– Если бы позор касался одной тебя, душечка, я могла бы предоставить это твоему усмотрению. Но и я замешана в нем, как ближайшая твоя родственница, и, что еще важнее, тень эта может коснуться даже священной памяти твоих отца и матери.
Эти преувеличенные слова, как и всякое преувеличение, коварное оружие в арсенале слабости и предрассудка, подействовали на Изабеллу. Она согласилась хранить молчание, хотя весьма неохотно и с досадой.
Мисс Пинк прежде всего черкнула словечко Муди о помолвке, откладывая до другого дня высокое наслаждение уведомить леди Лидиард о том самом событии, которое эта дерзкая женщина прямо объявила невозможным. К удивлению тетки, как раз в то время, когда она хотела запечатать письмо, Изабелла подошла к ней с самою непоследовательною просьбой о дозволении ей сделать приписку в том самом письме, которое она отказалась написать сама. Мисс Пинк не дали даже взглянуть на постскриптум. Изабелла, положив перо, сама заклеила пакет и на весь день удалилась в свою комнату с головною болью (которая, в сущности, была сердечною).

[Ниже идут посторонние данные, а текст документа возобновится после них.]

Lemma weight_increment_le a b d : 0 < a <= b -> b <= a + a / 4 -> 0 < d -> b - a <= d ->
  Rabs (W b - W a) <= 8 * ((1 + L * phi a) / a * W a * (W d / d ^ 2)).
Proof.
  intros Hab Hb Hd Hbad.
  pose proof (exp_exponent_subadd a d b ltac:(lra) Hd ltac:(lra)) as Hsplit.
  pose proof (exp_exponent_increment_le a b d Hab Hbad) as Hexp.
  pose proof (pow3_increment_le a b Hab Hb) as Hcube.
  pose proof (exponent_ge0 _ phi_adm a ltac:(lra)).
  unfold weight.
  set (X := L * phi a) in *; set (Y := L * phi b) in *; set (Z := L * phi d) in *.
  assert (HX : 0 <= X) by (unfold X; nra).
  assert (Hmono : a ^ 3 * exp X <= b ^ 3 * exp Y).
  { apply Rmult_le_compat; [apply pow_le; lra | left; apply exp_pos | apply pow_incr; lra |].
    apply exp_le; unfold X, Y; apply Rmult_le_compat_l; [| apply (exponent_le _ phi_adm)];
      assumption. }
  rewrite Rabs_pos_eq by lra.
  replace (8 * ((1 + X) / a * (a ^ 3 * exp X) * (d ^ 3 * exp Z / d ^ 2)))
    with (2 * (4 * a ^ 2 * d * (1 + X)) * (exp X * exp Z)) by (field; lra).
  replace (b ^ 3 * exp Y - a ^ 3 * exp X)
    with ((b ^ 3 - a ^ 3) * exp Y + a ^ 2 * (a * (exp Y - exp X))) by ring.
  assert (Hpos : 0 <= 4 * a ^ 2 * d * (1 + X)).
  { pose proof (pow2_ge_0 a); apply Rmult_le_pos; [apply Rmult_le_pos |]; lra. }
  assert ((b ^ 3 - a ^ 3) * exp Y <= 4 * a ^ 2 * d * exp Y).
  { apply Rmult_le_compat_r; [left; apply exp_pos |].
    pose proof (pow2_ge_0 a); nra. }
  assert (a ^ 2 * (a * (exp Y - exp X)) <= a ^ 2 * (4 * X * d * exp Y))
    by (apply Rmult_le_compat_l; [apply pow2_ge_0 | lra]).
  apply Rle_trans with (4 * a ^ 2 * d * (1 + X) * exp Y); [nra |].
  apply Rle_trans with (4 * a ^ 2 * d * (1 + X) * (exp X * exp Z));
    [apply Rmult_le_compat_l; lra |].
  pose proof (exp_pos X); pose proof (exp_pos Z); nra.
Qed.

End Weight.

Definition bracket (r : R) : R := sqrt (1 + r ^ 2).

Lemma jbr_bracket v : jbr v = bracket (zr_norm v).
Proof. reflexivity. Qed.

Lemma bracket_sqr r : bracket r * bracket r = 1 + r ^ 2.
Proof. apply sqrt_sqrt; nra. Qed.

Lemma bracket_ge1 r : 1 <= bracket r.
Proof. rewrite <- sqrt_1; apply sqrt_le_1_alt; nra. Qed.

Lemma bracket_ge r : 0 <= r -> r <= bracket r.
Proof. intros Hr; rewrite <- (sqrt_square r) at 1 by lra; apply sqrt_le_1_alt; nra. Qed.

Lemma bracket_le m n : 0 <= m <= n -> bracket m <= bracket n.
Proof. intros Hmn; apply sqrt_le_1_alt; nra. Qed.

Lemma bracket_add_le m n : 0 <= m -> 0 <= n -> bracket (m + n) <= bracket m + bracket n.
Proof.
  intros Hm Hn.
  pose proof (bracket_ge m Hm); pose proof (bracket_ge n Hn).
  pose proof (bracket_ge1 m); pose proof (bracket_ge1 n).
  pose proof (bracket_sqr m); pose proof (bracket_sqr n).
  rewrite <- (sqrt_square (bracket m + bracket n)) by lra.
  apply sqrt_le_1_alt; nra.
Qed.

Lemma bracket_sub_le m n : 0 <= m <= n -> bracket n - bracket m <= n - m.
Proof.
  intros Hmn.
  pose proof (bracket_ge m ltac:(lra)); pose proof (bracket_ge n ltac:(lra)).
  pose proof (bracket_sqr m); pose proof (bracket_sqr n).
  pose proof (bracket_le m n Hmn).
  assert ((bracket n - bracket m) * (bracket n + bracket m) = (n - m) * (n + m)) by nra.
  nra.
Qed.

Lemma sqrt_sum_sq_triangle x1 y1 x2 y2 :
  sqrt ((x1 + x2) ^ 2 + (y1 + y2) ^ 2) <= sqrt (x1 ^ 2 + y1 ^ 2) + sqrt (x2 ^ 2 + y2 ^ 2).
Proof.
  pose proof (sqrt_cauchy x1 y1 x2 y2) as Hcs; unfold Rsqr in Hcs.
  replace (x1 * x1 + y1 * y1) with (x1 ^ 2 + y1 ^ 2) in Hcs by ring.
  replace (x2 * x2 + y2 * y2) with (x2 ^ 2 + y2 ^ 2) in Hcs by ring.
  assert (H1 : sqrt (x1 ^ 2 + y1 ^ 2) * sqrt (x1 ^ 2 + y1 ^ 2) = x1 ^ 2 + y1 ^ 2)
    by (apply sqrt_sqrt; nra).
  assert (H2 : sqrt (x2 ^ 2 + y2 ^ 2) * sqrt (x2 ^ 2 + y2 ^ 2) = x2 ^ 2 + y2 ^ 2)
    by (apply sqrt_sqrt; nra).
  pose proof (sqrt_pos (x1 ^ 2 + y1 ^ 2)); pose proof (sqrt_pos (x2 ^ 2 + y2 ^ 2)).
  rewrite <- (sqrt_square (sqrt (x1 ^ 2 + y1 ^ 2) + sqrt (x2 ^ 2 + y2 ^ 2))) by lra.
  apply sqrt_le_1_alt; nra.
Qed.

Lemma zr_norm_ge0 v : 0 <= zr_norm v.
Proof. apply sqrt_pos. Qed.

Lemma zr_norm_add_le v w : zr_norm (zr_add v w) <= zr_norm v + zr_norm w.
Proof.
  destruct v as [k1 x1], w as [k2 x2]; unfold zr_norm, zr_add; simpl.
  rewrite plus_IZR; apply sqrt_sum_sq_triangle.
Qed.

Lemma zr_norm_sub_comm v w : zr_norm (zr_sub v w) = zr_norm (zr_sub w v).
Proof.
  destruct v as [k1 x1], w as [k2 x2]; unfold zr_norm, zr_sub; simpl.
  rewrite !minus_IZR; f_equal; ring.
Qed.

Lemma zr_norm_le_add_sub v w : zr_norm w <= zr_norm v + zr_norm (zr_sub w v).
Proof.
  replace w with (zr_add v (zr_sub w v)) at 1 by
    (destruct v as [k1 x1], w as [k2 x2]; unfold zr_add, zr_sub; simpl; f_equal; [lia | ring]).
  apply zr_norm_add_le.
Qed.

Lemma jbr_ge1 v : 1 <= jbr v.
Proof. apply bracket_ge1. Qed.

Lemma zr_norm_le_jbr v : zr_norm v <= jbr v.
Proof. apply bracket_ge, zr_norm_ge0. Qed.

Lemma jbr_add_le v w : jbr (zr_add v w) <= jbr v + jbr w.
Proof.
  rewrite !jbr_bracket.
  pose proof (zr_norm_ge0 v); pose proof (zr_norm_ge0 w).
  apply Rle_trans with (bracket (zr_norm v + zr_norm w)).
  - apply bracket_le; split; [apply zr_norm_ge0 | apply zr_norm_add_le].
  - apply bracket_add_le; assumption.
Qed.

Lemma jbr_le v w : zr_norm v <= zr_norm w -> jbr v <= jbr w.
Proof. intros Hvw; apply bracket_le; split; [apply zr_norm_ge0 | exact Hvw]. Qed.

Lemma jbr_sub_le v w : zr_norm v <= zr_norm w -> jbr w - jbr v <= zr_norm (zr_sub w v).
Proof.
  intros Hvw; pose proof (zr_norm_le_add_sub v w).
  pose proof (bracket_sub_le (zr_norm v) (zr_norm w) (conj (zr_norm_ge0 v) Hvw)).
  rewrite !jbr_bracket; lra.
Qed.

Lemma Bw_weight s rho lam t v : Bw s rho lam t v = weight (gfun s rho) (lam t) (jbr v).
Proof. reflexivity. Qed.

Пока вопрос о свадьбе все еще оставался открытым, произошел случай, имевший серьезное влияние на грядущие планы Гардимана.
Он получил с материка письмо, требовавшее немедленного исполнения. Один из государей Европы решился произвести кое-какие коренные изменения в снаряжении какого-то кавалерийского полка и просил помощи Гардимана в той немаловажном части задуманной реформы, которая касался выбора и покупки лошадей. Не говоря уже о личной выгоде, Гардиман был кое-чем обязан внимательности высокопоставленного корреспондента и потому не мог отделаться, послав письменное извинение. Недели чрез две, никак не больше, необходимо было выехать из Англии, а до возвращения мог пройти месяц или более.

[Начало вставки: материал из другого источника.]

Lemma linear_fun_evalD (U : lmodType k) (B : A -> A -> U) :
  bilinear2 B -> linear_fun (fun a => eval2 B (D a)).
Proof. by move=> bB c x y; rewrite (teq2E (linD c x y) bB) eval2_cat eval2_tscale. Qed.

Lemma DeltaId_congr s s' : teq2 s s' -> teq3 (DeltaId D s) (DeltaId D s').
Proof.
move=> ss'; apply: teq3I => U C tC; rewrite !eval3_DeltaId (teq2E ss') //.
apply: bilinear2_of_linear => [u|v].
  by apply: linear_fun_sum => p; apply: trilinear3_lin3.
by apply: linear_fun_evalD; apply: trilinear3_bil12.
Qed.

Lemma IdDelta_congr s s' : teq2 s s' -> teq3 (IdDelta D s) (IdDelta D s').
Proof.
move=> ss'; apply: teq3I => U C tC; rewrite !eval3_IdDelta (teq2E ss') //.
apply: bilinear2_of_linear => [u|v].
  by apply: linear_fun_evalD; apply: trilinear3_bil23.
by apply: linear_fun_sum => p; case: tC => _ [_ C1] c x y; rewrite C1.
Qed.

End Coproduct.
End TensorCalculus.

Arguments linear_fun_id {k A}.

Section Counit.
Variables (k : fieldType) (A : algType k) (e : A -> k).
Hypothesis le : linear_scal e.
Implicit Types (s : tens2 A) (a b c : A).

Lemma epsIdE s : epsId e s = eval2 (fun x y => e x *: y) s.
Proof. by []. Qed.

Lemma idEpsE s : idEps e s = eval2 (fun x y => e y *: x) s.
Proof. by []. Qed.

Lemma linear_scal0 : e 0 = 0.
Proof.
have := le 1 0 0; rewrite scaler0 addr0 mul1r => e00.
by apply: (addrI (e 0)); rewrite addr0 -e00.
Qed.

Lemma linear_scalZ (c : k) x : e (c *: x) = c * e x.
Proof. by have := le c x 0; rewrite !addr0 linear_scal0 addr0. Qed.

Lemma linear_scal_sum X (r : seq X) (F : X -> A) :
  e (\sum_(i <- r) F i) = \sum_(i <- r) e (F i).
Proof.
have eD x y : e (x + y) = e x + e y by have := le 1 x y; rewrite scale1r mul1r.
elim: r => [|x r IH]; first by rewrite !big_nil linear_scal0.
by rewrite !big_cons eD IH.
Qed.

Lemma linear_scal_eval2 (g : A -> A -> k) (f : A -> A -> A) s :
  e (eval2 (fun x y => g x y *: f x y) s) = \sum_(p <- s) g p.1 p.2 * e (f p.1 p.2).
Proof. by rewrite linear_scal_sum; apply: eq_bigr => p _; rewrite linear_scalZ. Qed.

Lemma linear_scal_mull a : linear_scal (fun u => e (a * u)).
Proof. by move=> c x y; rewrite mulrDr -scalerAr le. Qed.

Lemma linear_scal_mulr a : linear_scal (fun u => e (u * a)).
Proof. by move=> c x y; rewrite mulrDl -scalerAl le. Qed.

End Counit.

Section CounitAxioms.
Variables (k : fieldType) (A : algType k) (E : tens2 A) (D : A -> tens2 A) (e : A -> k).
Implicit Types (s : tens2 A) (a b c : A).

Lemma epsEps_mul3 a b c s :
  epsEps e (tmul2 (tmul2 (tpure2 a b) s) (tpure2 1 c)) =
  \sum_(p <- s) e (a * p.1) * e (b * p.2 * c).
Proof.
rewrite /epsEps /tmul2 !big_allpairs_dep big_seq1.
by apply: eq_bigr => p _; rewrite big_seq1 mulr1.
Qed.

Lemma epsId_E_Delta_l :
  (forall a b c, epsId e (tmul2 (tmul2 (tpure2 a b) E) (tpure2 1 c)) =
                 epsId e (tmul2 (tpure2 a b) (D c))) <->
  (forall a c, eval2 (fun x y => e (a * x) *: (y * c)) E =
               eval2 (fun x y => e (a * x) *: y) (D c)).
Proof.
have epsIdEl a b c s : epsId e (tmul2 (tmul2 (tpure2 a b) s) (tpure2 1 c)) =
    b * eval2 (fun x y => e (a * x) *: (y * c)) s.
  rewrite epsIdE eval2_mulpure eval2_puremul /eval2 mulr_sumr.
  by apply: eq_bigr => p _; rewrite mulr1 -mulrA scalerAr.
have epsIdDl a b c : epsId e (tmul2 (tpure2 a b) (D c)) =
    b * eval2 (fun x y => e (a * x) *: y) (D c).
  by rewrite epsIdE eval2_puremul /eval2 mulr_sumr; apply: eq_bigr => p _; rewrite scalerAr.
split=> [epsE a c | epsE a b c]; last by rewrite epsIdEl epsIdDl epsE.
by have := epsE a 1 c; rewrite epsIdEl epsIdDl !mul1r.
Qed.

Lemma epsId_E_Delta_r :
  (forall a b c, epsId e (tmul2 (tmul2 (tpure2 1 a) E) (tpure2 b c)) =
                 epsId e (tmul2 (D a) (tpure2 b c))) <->
  (forall a b, eval2 (fun x y => e (x * b) *: (a * y)) E =
               eval2 (fun x y => e (x * b) *: y) (D a)).
Proof.
have epsIdEl a b c s : epsId e (tmul2 (tmul2 (tpure2 1 a) s) (tpure2 b c)) =
    eval2 (fun x y => e (x * b) *: (a * y)) s * c.
  rewrite epsIdE eval2_mulpure eval2_puremul /eval2 mulr_suml.
  by apply: eq_bigr => p _; rewrite mul1r scalerAl.
have epsIdDl a b c : epsId e (tmul2 (D a) (tpure2 b c)) =
    eval2 (fun x y => e (x * b) *: y) (D a) * c.
  by rewrite epsIdE eval2_mulpure /eval2 mulr_suml; apply: eq_bigr => p _; rewrite scalerAl.
split=> [epsE a b | epsE a b c]; last by rewrite epsIdEl epsIdDl epsE.
by have := epsE a b 1; rewrite epsIdEl epsIdDl !mulr1.
Qed.

Hypothesis le : linear_scal e.

Section Left.
Hypothesis epsE : forall a c,
  eval2 (fun x y => e (a * x) *: (y * c)) E = eval2 (fun x y => e (a * x) *: y) (D c).

Lemma contract_E_l (counitr : forall a, idEps e (D a) = a) a c :
  \sum_(w <- E) e (a * w.1) * e (w.2 * c) = e (a * c).
Proof.
have := congr1 e (epsE a c); rewrite !linear_scal_eval2 // => ->.
rewrite -{2}(counitr c) idEpsE /eval2 mulr_sumr linear_scal_sum //.
by apply: eq_bigr => p _; rewrite -scalerAr linear_scalZ // mulrC.
Qed.

Lemma counit1_of_E
    (contract : forall a c, \sum_(w <- E) e (a * w.1) * e (w.2 * c) = e (a * c)) a b c :
  e (a * b * c) = epsEps e (tmul2 (tmul2 (tpure2 a 1) (D b)) (tpure2 1 c)).
Proof.
have := congr1 (fun u => e (u * c)) (epsE a b).
rewrite /= (linear_scal_eval2 (linear_scal_mulr le c) (fun x _ => e (a * x)) (fun _ y => y * b)).
rewrite (linear_scal_eval2 (linear_scal_mulr le c) (fun x _ => e (a * x)) (fun _ y => y)).
rewrite epsEps_mul3 /=.
move=> eqEDb; rewrite -mulrA -contract.
transitivity (\sum_(p <- D b) e (a * p.1) * e (p.2 * c)).
  by rewrite -eqEDb; apply: eq_bigr => p _; rewrite mulrA.
by apply: eq_bigr => p _; rewrite mul1r.
Qed.

End Left.

Section Right.
Hypothesis epsE : forall a b,
  eval2 (fun x y => e (x * b) *: (a * y)) E = eval2 (fun x y => e (x * b) *: y) (D a).

Lemma contract_E_r (counitr : forall a, idEps e (D a) = a) a c :
  \sum_(w <- E) e (w.1 * c) * e (a * w.2) = e (a * c).
Proof.
have := congr1 e (epsE a c); rewrite !linear_scal_eval2 // => ->.
rewrite -{2}(counitr a) idEpsE /eval2 mulr_suml linear_scal_sum //.
by apply: eq_bigr => p _; rewrite -scalerAl linear_scalZ // mulrC.
Qed.

Lemma counit2_of_E
    (contract : forall a c, \sum_(w <- E) e (w.1 * c) * e (a * w.2) = e (a * c)) a b c :
  e (a * b * c) = epsEps e (tmul2 (tmul2 (tpure2 a 1) (ttw (D b))) (tpure2 1 c)).
Proof.
have := congr1 (fun u => e (a * u)) (epsE b c).
rewrite /= (linear_scal_eval2 (linear_scal_mull le a) (fun x _ => e (x * c)) (fun _ y => b * y)).
rewrite (linear_scal_eval2 (linear_scal_mull le a) (fun x _ => e (x * c)) (fun _ y => y)).
rewrite epsEps_mul3 /ttw big_map /=.
move=> eqEDb; rewrite -contract.
transitivity (\sum_(p <- D b) e (p.1 * c) * e (a * p.2)).
  by rewrite -eqEDb; apply: eq_bigr => p _; rewrite mulrA.
by apply: eq_bigr => p _; rewrite mul1r mulrC.
Qed.

End Right.
End CounitAxioms.

Section Spans.
Variables (k : fieldType) (A : algType k) (X : Type) (g : X -> tens2 A).
Implicit Types (s t : tens2 A).

Lemma inspan2_gen t x : teq2 t (g x) -> inspan2 g t.
Proof.
move=> tg; exists [:: (1, x)]; apply: teq2_trans tg _; apply: teq2I => U B bB.
by rewrite eval2_span // big_seq1 scale1r.
Qed.

Lemma inspan2_mull s t : inspan2 g t ->
  (forall x, teq2 (tmul2 s (g x)) (g x)) -> teq2 (tmul2 s t) t.
Proof.
move=> [l tl] sg; apply: teq2_trans (tmul2_congrr _ tl) _.
apply: teq2_trans (teq2_sym tl); apply: teq2I => U B bB.
rewrite eval2_tmul2_l eval2_span; last exact: bilinear2_eval_mulr.
by rewrite eval2_span //; apply: eq_bigr => q _; rewrite -eval2_tmul2_l (teq2E (sg q.2)).
Qed.

Lemma inspan2_mulr s t : inspan2 g t ->
  (forall x, teq2 (tmul2 (g x) s) (g x)) -> teq2 (tmul2 t s) t.
Proof.
move=> [l tl] gs; apply: teq2_trans (tmul2_congrl _ tl) _.
apply: teq2_trans (teq2_sym tl); apply: teq2I => U B bB.
rewrite eval2_tmul2_r eval2_span; last exact: bilinear2_eval_mull.
by rewrite eval2_span //; apply: eq_bigr => q _; rewrite -eval2_tmul2_r (teq2E (gs q.2)).
Qed.

Lemma inspan2_teq t t' : teq2 t t' -> inspan2 g t' -> inspan2 g t.
Proof. by move=> tt' [l t'l]; exists l; apply: teq2_trans tt' t'l. Qed.

Lemma inspan2_lincomb (c : k) t1 t2 :
  inspan2 g t1 -> inspan2 g t2 -> inspan2 g (tscale2 c t1 ++ t2).
Proof.
move=> [l1 t1l] [l2 t2l]; exists ([seq (c * q.1, q.2) | q <- l1] ++ l2).
apply: teq2I => U B bB; rewrite eval2_cat eval2_tscale // (teq2E t1l) // (teq2E t2l) //.
rewrite !eval2_span // big_cat big_map scaler_sumr; congr (_ + _).
by apply: eq_bigr => q _; rewrite scalerA.
Qed.

End Spans.

Lemma inspan2_sub (k : fieldType) (A : algType k) X Y (g : X -> tens2 A) (h : Y -> tens2 A) :
  (forall x, inspan2 h (g x)) -> forall t, inspan2 g t -> inspan2 h t.
Proof.
move=> gh t [l tl]; apply: inspan2_teq tl _.
elim: l => [|q l IH]; first by exists [::].
exact: inspan2_lincomb.
Qed.

Lemma inspan2_tmul2_l (k : fieldType) (A : algType k) (s t : tens2 A) :
  inspan2 (fun x : A * A => tmul2 s (tpure2 x.1 x.2)) (tmul2 s t).
Proof.
exists [seq (1, p) | p <- t]; apply: teq2I => U B bB.
rewrite (eval2_span (fun x : A * A => tmul2 s (tpure2 x.1 x.2))) // big_map.
rewrite eval2_tmul2_l; apply: eq_bigr => p _.
by rewrite scale1r eval2_mulpure.
Qed.

Lemma inspan2_tmul2_r (k : fieldType) (A : algType k) (s t : tens2 A) :
  inspan2 (fun x : A * A => tmul2 (tpure2 x.1 x.2) s) (tmul2 t s).
Proof.
exists [seq (1, p) | p <- t]; apply: teq2I => U B bB.
rewrite (eval2_span (fun x : A * A => tmul2 (tpure2 x.1 x.2) s)) // big_map.
rewrite eval2_tmul2_r; apply: eq_bigr => p _.
by rewrite scale1r eval2_puremul.
Qed.

Section WeakMultiplierToWeak.
Variables (k : fieldType) (A : algType k) (E : tens2 A) (D : A -> tens2 A) (e : A -> k).
Hypothesis wmb : is_weak_multiplier_bialgebra E D e.
Implicit Types (a b c : A).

В таких обстоятельствах он, со свойственною ему внезапностью, предложил поспешить со свадьбой. Требуемый по закону срок дозволит совершить церемонию через две недели. Изабелла будет сопутствовать ему в поездке и проведет блистательный медовой месяц при иностранном дворе. Но она решительно отказалась не только принять это предложение, но даже и обдумать его. В то время, как мисс Пинк красноречиво распространялась о краткости срока, племянница мисс Пинк основывала свое решение на более важных причинах. Гардиман до сих пор еще не объявлял своей родне и друзьям о предполагаемой женитьбе, а Изабелла решилась не выходить за него замуж до тех пор, пока не убедится в том, что новая семья примет ее вежливо и снисходительно, если уж не приходится рассчитывать на более радушный прием.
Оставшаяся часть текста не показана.